**Directions for this task:** Go through the records that follow and tally the lines with "params" in them; answer with the number alone.

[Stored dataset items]
(* Let $D>0$, let $(L,\mathbf N)$ be an architecture with $N_0=d$ and width $W=\max_\ell N_\ell$, let $q\in[1,\infty]$, $r\ge1$, $c:=Dd^{1/q}+1$, and let $0<\varepsilon<cL^2(2r)^{L-1}$. Let $0<\eta\le\varepsilon\,(cWL^2(2r)^{L-1})^{-1}$ and let $Q:\Theta_{L,\mathbf N}\to\Theta_{L,\mathbf N}$ satisfy $\|Q(\theta)-\theta\|_\infty\le\eta$ for all $\theta\in\Theta^q_{L,\mathbf N}(r)$. Then $$\max_{\theta\in\Theta^q_{L,\mathbf N}(r)}\ \max_{x\in[-D,D]^d}\|R_\theta(x)-R_{Q(\theta)}(x)\|_q\le\varepsilon.$$
   Context: ReLU $\rho(x)=\max(0,x)$ coordinatewise. Architecture $(L,\mathbf N)$, $\mathbf N=(N_0,\dots,N_L)$; parameters $\theta=(W_1,\dots,W_L,b_1,\dots,b_L)$, $W_\ell\in\mathbb R^{N_\ell\times N_{\ell-1}}$, $b_\ell\in\mathbb R^{N_\ell}$, forming $\Theta_{L,\mathbf N}$; $\|\theta\|_\infty$ = max absolute value of coordinates. Realization: $R_\theta(x)=W_Ly_{L-1}(x)+b_L$, $y_0=x$, $y_\ell=\rho(W_\ell y_{\ell-1}+b_\ell)$, $1\le\ell\le L-1$. $\|M\|_{q\to q}$ is the operator norm induced by $\|\cdot\|_q$. $\Theta^q_{L,\mathbf N}(r)=\{\theta:\|W_\ell\|_{q\to q}\le r,\ \|b_\ell\|_q\le r\ \forall\ell\}$. $d^{1/\infty}:=1$. *)

From HB Require Import structures.
From mathcomp Require Import all_boot all_order all_algebra.
From mathcomp Require Import all_classical all_reals all_analysis.
Set Implicit Arguments. Unset Strict Implicit. Unset Printing Implicit Defensive.
Import Order.TTheory GRing.Theory Num.Theory.
Local Open Scope ring_scope.
Local Open Scope classical_set_scope.

Section NN.
Variable R : realType.

Definition qnorm (q : \bar R) (n : nat) (v : 'cV[R]_n) : R :=
  match q with
  | EFin p => (\sum_(i < n) `|v i 0| `^ p) `^ (p^-1)
  | +oo%E => \big[Num.max/0]_(i < n) `|v i 0|
  | -oo%E => 0
  end.

Definition opnorm (q : \bar R) (m n : nat) (M : 'M[R]_(m, n)) : R :=
  sup [set qnorm q (M *m v) | v in [set v : 'cV[R]_n | qnorm q v <= 1]].

Definition pow_inv (d : nat) (q : \bar R) : R :=
  match q with
  | EFin p => (d%:R) `^ (p^-1)
  | _ => 1
  end.

Definition relu (n : nat) (v : 'cV[R]_n) : 'cV[R]_n := map_mx (fun a => Num.max a 0) v.

Variables (L : nat) (N : nat -> nat).

(* Parameters theta = (W_1..W_L, b_1..b_L): the entry at index l : 'I_L is
   (W_{l+1}, b_{l+1}) with W_{l+1} : N_{l+1} x N_l and b_{l+1} : N_{l+1}. *)
Definition params := forall l : 'I_L, 'M[R]_(N l.+1, N l) * 'cV[R]_(N l.+1).

Definition getW (th : params) (l : nat) : 'M[R]_(N l.+1, N l) :=
  (if (l < L)%N as b return (l < L)%N = b -> 'M[R]_(N l.+1, N l)
   then fun h => (th (Ordinal h)).1 else fun _ => 0) (erefl _).

Definition getb (th : params) (l : nat) : 'cV[R]_(N l.+1) :=
  (if (l < L)%N as b return (l < L)%N = b -> 'cV[R]_(N l.+1)
   then fun h => (th (Ordinal h)).2 else fun _ => 0) (erefl _).

(* pre k = W_k y_{k-1} + b_k for k >= 1, pre 0 = x;
   y_0 = x, y_k = relu (pre k) for 1 <= k <= L-1. *)
Fixpoint pre (th : params) (x : 'cV[R]_(N 0)) (k : nat) : 'cV[R]_(N k) :=
  match k with
  | 0 => x
  | k'.+1 => getW th k' *m (if k' == 0%N then pre th x k' else relu (pre th x k'))
             + getb th k'
  end.

Definition realization (th : params) (x : 'cV[R]_(N 0)) : 'cV[R]_(N L) := pre th x L.

Definition param_supnorm (th : params) : R :=
  \big[Num.max/0]_(l < L)
    Num.max (\big[Num.max/0]_(i < N l.+1) \big[Num.max/0]_(j < N l) `|(th l).1 i j|)
            (\big[Num.max/0]_(i < N l.+1) `|(th l).2 i 0|).

Definition param_sub (th th' : params) : params :=
  fun l => ((th l).1 - (th' l).1, (th l).2 - (th' l).2).

Definition ball_params (q : \bar R) (r : R) : set params :=
  [set th | forall l : 'I_L, opnorm q (th l).1 <= r /\ qnorm q (th l).2 <= r].

Definition width : nat := \max_(l < L.+1) N l.

End NN.

From mathcomp Require Import all_boot all_order all_algebra.
From mathcomp Require Import all_classical all_reals all_analysis.
From mathcomp Require Import ring lra.
Import Order.TTheory GRing.Theory Num.Theory.
Set Implicit Arguments. Unset Strict Implicit. Unset Printing Implicit Defensive.
Local Open Scope ring_scope.

(** Write [e_k] for the q-distance between the [k]-th pre-activations of [theta]
and [Q(theta)], and [delta = W eta].  Entrywise closeness and Hoelder's inequality
give [|(W'_k - W_k) v| <= delta |v|] and [|b_k - b'_k| <= delta]; together with
[|W_k| <= r] and the 1-Lipschitz ReLU this yields
[e_(k+1) <= (r + delta) e_k + delta (|y_k| + 1)], where the hidden states satisfy
[|y_k| <= r^k (|x| + k)].  As [delta < 1 <= r], induction gives
[e_(k+1) <= delta (|x| + 1) (2r)^k (k+1)^2]; at [k = L - 1], with [|x| + 1 <= c],
this is at most [eps] by the choice of [eta]. *)

Section QNorm.
Variable R : realType.
Local Open Scope classical_set_scope.

Lemma ege1P (q : \bar R) : (1 <= q)%E -> q = +oo%E \/ exists2 p, q = p%:E & 1 <= p.
Proof. by case: q => [p|_|] //; [right; exists p | left]. Qed.

Lemma qnorm_ge0 q n (v : 'cV[R]_n) : 0 <= qnorm q v.
Proof.
case: q => [p||] //=; first exact: powR_ge0.
by elim/big_ind: _ => // a b ha hb; rewrite le_max ha.
Qed.

Lemma le_bigmax_norm n (v : 'cV[R]_n) i : `|v i 0| <= \big[Num.max/0]_(j < n) `|v j 0|.
Proof. exact: (le_bigmax _ (fun j => `|v j 0|) i). Qed.

Let ler_powR2r (e x y : R) : 0 <= e -> 0 <= x -> x <= y -> x `^ e <= y `^ e.
Proof.
by move=> e_ge0 x_ge0 xy; apply: ge0_ler_powR; rewrite ?nnegrE // (le_trans x_ge0).
Qed.

Let sum_powR_ge0 n (F : 'I_n -> R) (e : R) : 0 <= \sum_(i < n) F i `^ e.
Proof. by rewrite sumr_ge0 // => i _; rewrite powR_ge0. Qed.

Let measurable_nat (f : nat -> R) : measurable_fun setT f. Proof. by []. Qed.

Definition coord_seq n (v : 'cV[R]_n) (k : nat) : R :=
  oapp (fun i : 'I_n => v i 0) 0 (insub k).

Lemma coord_seqE n (v : 'cV[R]_n) (i : 'I_n) : coord_seq v i = v i 0.
Proof. by rewrite /coord_seq valK. Qed.

Lemma coord_seqD n (u v : 'cV[R]_n) k :
  coord_seq (u + v) k = coord_seq u k + coord_seq v k.
Proof.
by rewrite /coord_seq; case: insubP => [i _ _|_] /=; rewrite ?mxE ?addr0.
Qed.

Section FiniteExponent.
Variable p : R.
Hypothesis p_gt0 : 0 < p.

(* Finite [p]-sums are [L^p] norms for the counting measure on [nat], which
   gives access to the Minkowski and Hoelder inequalities of the library. *)
Lemma Lnorm_coord_seq n (v : 'cV[R]_n) :
  Lnorm counting p%:E (EFin \o coord_seq v) = (qnorm p%:E v)%:E.
Proof.
rewrite Lnorm_counting //.
rewrite (nneseries_split 0 n) => [|k]; last by rewrite lee_fin powR_ge0.
rewrite add0n eseries0 ?adde0 => [|k kn _]; last first.
  by rewrite /= /coord_seq insubF ?normr0 ?powR0 ?gt_eqF // ltnNge kn.
rewrite big_mkord sumEFin poweR_EFin; congr (_ `^ _)%:E.
by apply: eq_bigr => i _; rewrite /= coord_seqE.
Qed.

End FiniteExponent.

Lemma qnorm1 n (v : 'cV[R]_n) : qnorm 1%:E v = \sum_(i < n) `|v i 0|.
Proof.
rewrite /= invr1 powRr1; last by rewrite sumr_ge0 // => i _; rewrite powR_ge0.
by apply: eq_bigr => i _; rewrite powRr1.
Qed.

Section FiniteExponentGe1.
Variable p : R.
Hypothesis p_ge1 : 1 <= p.

Let p_gt0 : 0 < p. Proof. exact: lt_le_trans ltr01 p_ge1. Qed.

Lemma qnormD_fin n (u v : 'cV[R]_n) : qnorm p%:E (u + v) <= qnorm p%:E u + qnorm p%:E v.
Proof.
have := @minkowski_EFin _ _ R counting (coord_seq u) (coord_seq v) p
  (measurable_nat _) (measurable_nat _) p_ge1.
rewrite (@eq_Lnorm _ _ _ _ _ _ (EFin \o coord_seq (u + v))) => [|k]; last first.
  by rewrite /= coord_seqD.
by rewrite !Lnorm_coord_seq // -EFinD lee_fin.
Qed.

**Result:** 8